▸ What you should do:
Could you filter the listing for lines with the word "Import" and return them?

▸ Extracted information:
Definition rho (x : freeprod) : mat := foldr (fun a M => mmul (rho_letter a) M) mid (proj1_sig x).

Variables (ltF : F -> F -> Prop) (ltG : G -> G -> Prop).

Definition lexlt (p q : F * G) : Prop :=
  ltF p.1 q.1 \/ (p.1 = q.1 /\ ltG p.2 q.2).

Definition posR (r : F * G -> int) : Prop :=
  exists h, 0 < r h /\ (forall h', lexlt h h' -> r h' = 0).

Definition entries (offd : bool) (M : mat) : seq pol :=
  if offd then [:: m11 M; m22 M; m21 M; m12 M]
  else [:: m11 M; m22 M; m12 M; m21 M].

(* M = sum_i M_i t^i is positive: for the least n with M_n <> 0, the first
   nonzero entry of M_n is positive in R *)
Definition mpos (offd : bool) (M : mat) : Prop :=
  exists (n k : nat),
    [/\ (k < 4)%N,
        (forall m e h, (m < n)%N -> List.In e (entries offd M) -> pcoef e m h = 0),
        (forall j h, (j < k)%N -> pcoef (nth [::] (entries offd M) j) n h = 0) &
        posR (pcoef (nth [::] (entries offd M) k) n)].

Definition frak (offd : bool) (x y : freeprod) : Prop :=
  mpos offd (msub (rho y) (rho x)).

End FreeProduct.

From mathcomp Require Import all_boot all_order all_algebra ring.
From Stdlib Require Import Classical FunctionalExtensionality PropExtensionality.
From Stdlib Require Import ProofIrrelevance.

(* The constant term of rho(x) is diagonal with entries in F x G, so
   multiplying rho(y) - rho(x) by rho(z) on either side only translates the
   coefficients of its lowest nonzero degree by elements of F x G; as the
   lexicographic order on F x G is bi-invariant, positivity, hence the order,
   is invariant.  Positive elements are closed under addition (transitivity),
   and totality reduces to the injectivity of rho: for a reduced word w, rho(w)
   has degree |w| and its top coefficient vanishes exactly in the row not
   belonging to the factor of the first letter of w, so that first letters can
   be cancelled inductively.  This uses that (c - 1) r <> 0 in Z[F x G] for
   c <> 1 and r <> 0, F x G being orderable.  Whether x precedes y only depends
   on how <_F and <_G compare the finitely many elements of F x G in the support
   of rho(y) - rho(x), which a basic open set can fix: the map is continuous.
   Finally rho(f) - rho(1) has lowest term diag((f, 1) - 1, 0), so that 1
   precedes f iff 1 <_F f, and similarly for G: the map is injective. *)

Set Implicit Arguments.
Unset Strict Implicit.
Unset Printing Implicit Defensive.

Import Order.TTheory GRing.Theory Num.Theory.

Local Open Scope ring_scope.

Lemma pmulFGE (F G : groupType) (a b : F * G) : pmulFG a b = (a * b)%g.
Proof. by []. Qed.

Lemma mulVg_eq1 (T : groupType) (c h : T) : (c^-1 * h == 1)%g = (h == c).
Proof. by rewrite mulg_eq1 (inj_eq invg_inj) eq_sym. Qed.

(** * The ring R[t] and 2 x 2 matrices over it *)

Section Coefficients.
Variables F G : groupType.
Local Notation pol := (pol F G).

Lemma pcoef_nil n h : pcoef ([::] : pol) n h = 0.
Proof. by rewrite /pcoef big_nil. Qed.

Lemma pcoef_cons (x : term F G) p n h :
  pcoef (x :: p) n h = (if (x.1.2 == h) && (x.2 == n) then x.1.1 else 0) + pcoef p n h.
Proof. by rewrite /pcoef big_cons; case: ifP; rewrite ?add0r. Qed.

Lemma pcoef_padd (p q : pol) n h : pcoef (padd p q) n h = pcoef p n h + pcoef q n h.
Proof. by rewrite /pcoef big_cat. Qed.

Lemma pcoef_pneg (p : pol) n h : pcoef (pneg p) n h = - pcoef p n h.
Proof. by rewrite /pcoef big_map -sumrN. Qed.

Lemma pcoef_pmull (p q : pol) n h :
  pcoef (pmul p q) n h =
  \sum_(x <- p | (x.2 <= n)%N) x.1.1 * pcoef q (n - x.2) (x.1.2^-1 * h)%g.
Proof.
rewrite /pcoef big_mkcond big_allpairs_dep [RHS]big_mkcond; apply: eq_bigr => x _ /=.
case: leqP => [le_xn|lt_nx]; last first.
  by rewrite big1 // => y _; rewrite gtn_eqF ?andbF // ltn_addr.
rewrite mulr_sumr [RHS]big_mkcond; apply: eq_bigr => y _ /=.
rewrite pmulFGE.
have -> : ((x.1.2 * y.1.2)%g == h) = (y.1.2 == x.1.2^-1 * h)%g.
  by apply/eqP/eqP => [<-|->]; rewrite ?mulKg ?mulVKg.
have -> : ((x.2 + y.2)%N == n) = (y.2 == n - x.2)%N.
  by apply/eqP/eqP => [<-|->]; rewrite ?addKn ?subnKC.
by case: ifP; rewrite ?mulr0.
Qed.

Lemma pcoef_pmulr (p q : pol) n h :
  pcoef (pmul p q) n h =
  \sum_(y <- q | (y.2 <= n)%N) pcoef p (n - y.2) (h * y.1.2^-1)%g * y.1.1.
Proof.
rewrite /pcoef big_mkcond big_allpairs_dep exchange_big [RHS]big_mkcond.
apply: eq_bigr => y _ /=.
case: leqP => [le_yn|lt_ny]; last first.
  by rewrite big1 // => x _; rewrite gtn_eqF ?andbF // ltn_addl.
rewrite mulr_suml [RHS]big_mkcond; apply: eq_bigr => x _ /=.
rewrite pmulFGE.
have -> : ((x.1.2 * y.1.2)%g == h) = (x.1.2 == h * y.1.2^-1)%g.
  by apply/eqP/eqP => [<-|->]; rewrite ?mulgK ?mulgVK.
have -> : ((x.2 + y.2)%N == n) = (x.2 == n - y.2)%N.
  by apply/eqP/eqP => [<-|->]; rewrite ?addnK ?subnK.
by case: ifP; rewrite ?mul0r.
Qed.

Lemma pcoef_pmul_cong (p p' q q' : pol) :
  pcoef p =2 pcoef p' -> pcoef q =2 pcoef q' -> pcoef (pmul p q) =2 pcoef (pmul p' q').
Proof.
move=> Ep Eq n h; transitivity (pcoef (pmul p' q) n h).
  by rewrite !pcoef_pmulr; apply: eq_bigr => y _; rewrite Ep.
by rewrite !pcoef_pmull; apply: eq_bigr => x _; rewrite Eq.
Qed.

Lemma pcoef_pmul_paddl (p p' q : pol) n h :
  pcoef (pmul (padd p p') q) n h = pcoef (pmul p q) n h + pcoef (pmul p' q) n h.
Proof. by rewrite !pcoef_pmulr -big_split; apply: eq_bigr => y _; rewrite pcoef_padd mulrDl. Qed.

Lemma pcoef_pmul_paddr (p q q' : pol) n h :
  pcoef (pmul p (padd q q')) n h = pcoef (pmul p q) n h + pcoef (pmul p q') n h.
Proof. by rewrite !pcoef_pmull -big_split; apply: eq_bigr => x _; rewrite pcoef_padd mulrDr. Qed.

Lemma pcoef_pmul_pnegl (p q : pol) n h :
  pcoef (pmul (pneg p) q) n h = - pcoef (pmul p q) n h.
Proof. by rewrite !pcoef_pmulr -sumrN; apply: eq_bigr => y _; rewrite pcoef_pneg mulNr. Qed.

Lemma pcoef_pmul_pnegr (p q : pol) n h :
  pcoef (pmul p (pneg q)) n h = - pcoef (pmul p q) n h.
Proof. by rewrite !pcoef_pmull -sumrN; apply: eq_bigr => x _; rewrite pcoef_pneg mulrN. Qed.

Lemma pmulA (p q r : pol) : pmul (pmul p q) r = pmul p (pmul q r).
Proof.
elim: p => [//|x p IH]; rewrite /pmul /= allpairs_cat allpairs_mapl.
congr (_ ++ _); last exact: IH.
elim: q {IH} => //= y q IHq; rewrite map_cat -IHq -map_comp; congr (_ ++ _).
by apply: eq_map => z /=; rewrite mulrA !pmulFGE mulgA addnA.
Qed.

Lemma pcoef_supp (p : pol) n h : pcoef p n h != 0 -> h \in [seq x.1.2 | x <- p].
Proof.
elim: p => [|x p IH]; first by rewrite pcoef_nil eqxx.
rewrite pcoef_cons /= in_cons; case: ifP => [/andP[/eqP -> _]|_]; first by rewrite eqxx.
by rewrite add0r => /IH ->; rewrite orbT.
Qed.

End Coefficients.

Section Matrices.
Variables F G : groupType.
Local Notation mat := (mat F G).

Definition meq (A B : mat) :=
  [/\ pcoef (m11 A) =2 pcoef (m11 B), pcoef (m12 A) =2 pcoef (m12 B),
      pcoef (m21 A) =2 pcoef (m21 B) & pcoef (m22 A) =2 pcoef (m22 B)].

Lemma meq_refl A : meq A A.
Proof. by []. Qed.

Lemma meq_sym A B : meq A B -> meq B A.
Proof. by case=> E11 E12 E21 E22; split=> n h. Qed.

Lemma meq_trans A B C : meq A B -> meq B C -> meq A C.
Proof.
by case=> E11 E12 E21 E22 [E11' E12' E21' E22']; split=> n h;
  rewrite ?E11 ?E12 ?E21 ?E22 ?E11' ?E12' ?E21' ?E22'.
Qed.

Lemma meq_mmul A A' B B' : meq A A' -> meq B B' -> meq (mmul A B) (mmul A' B').
Proof.
case=> E11 E12 E21 E22 [E11' E12' E21' E22'].
by split=> n h /=; rewrite !pcoef_padd; congr (_ + _); apply: pcoef_pmul_cong.
Qed.

Lemma meq_msub A A' B B' : meq A A' -> meq B B' -> meq (msub A B) (msub A' B').
Proof.
case=> E11 E12 E21 E22 [E11' E12' E21' E22'].
by split=> n h /=;
  rewrite !pcoef_padd !pcoef_pneg ?E11 ?E12 ?E21 ?E22 ?E11' ?E12' ?E21' ?E22'.
Qed.

Lemma mmulA A B C : meq (mmul (mmul A B) C) (mmul A (mmul B C)).
Proof.
split=> n h /=;
  by rewrite !pcoef_padd !pcoef_pmul_paddl !pcoef_pmul_paddr !pmulA; ring.
Qed.

Lemma mmul_msubr A B C : meq (mmul A (msub B C)) (msub (mmul A B) (mmul A C)).
Proof.
split=> n h /=;
  by rewrite !pcoef_padd !pcoef_pmul_paddr !pcoef_pmul_pnegr !pcoef_pneg !pcoef_padd; ring.
Qed.

Lemma mmul_msubl A B C : meq (mmul (msub A B) C) (msub (mmul A C) (mmul B C)).
Proof.
split=> n h /=;
  by rewrite !pcoef_padd !pcoef_pmul_paddl !pcoef_pmul_pnegl !pcoef_pneg !pcoef_padd; ring.
Qed.

Lemma pcoef_pmull_one c (p : pol F G) n h :
  pcoef (pmul [:: (c, e1 F G, 0%N)] p) n h = c * pcoef p n h.
Proof. by rewrite pcoef_pmull big_cons big_nil /= subn0 addr0 invg1 mul1g. Qed.

Lemma pcoef_pmulr_one (p : pol F G) c n h :
  pcoef (pmul p [:: (c, e1 F G, 0%N)]) n h = pcoef p n h * c.
Proof. by rewrite pcoef_pmulr big_cons big_nil /= subn0 addr0 invg1 mulg1. Qed.

Lemma mid_mmul M : meq (mmul (mid F G) M) M.
Proof.
split=> n h; rewrite /mmul /mid; cbn [m11 m12 m21 m22].
all: by rewrite pcoef_padd pcoef_pmull_one pcoef_pmull big_nil mul1r ?addr0 ?add0r.
Qed.

Lemma mmul_mid M : meq (mmul M (mid F G)) M.
Proof.
split=> n h; rewrite /mmul /mid; cbn [m11 m12 m21 m22].
all: by rewrite pcoef_padd pcoef_pmulr_one pcoef_pmulr big_nil mulr1 ?addr0 ?add0r.
Qed.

▸ Solution below:
From mathcomp Require Import all_boot all_order all_algebra ring.
From Stdlib Require Import Classical FunctionalExtensionality PropExtensionality.
From Stdlib Require Import ProofIrrelevance.
Import Order.TTheory GRing.Theory Num.Theory.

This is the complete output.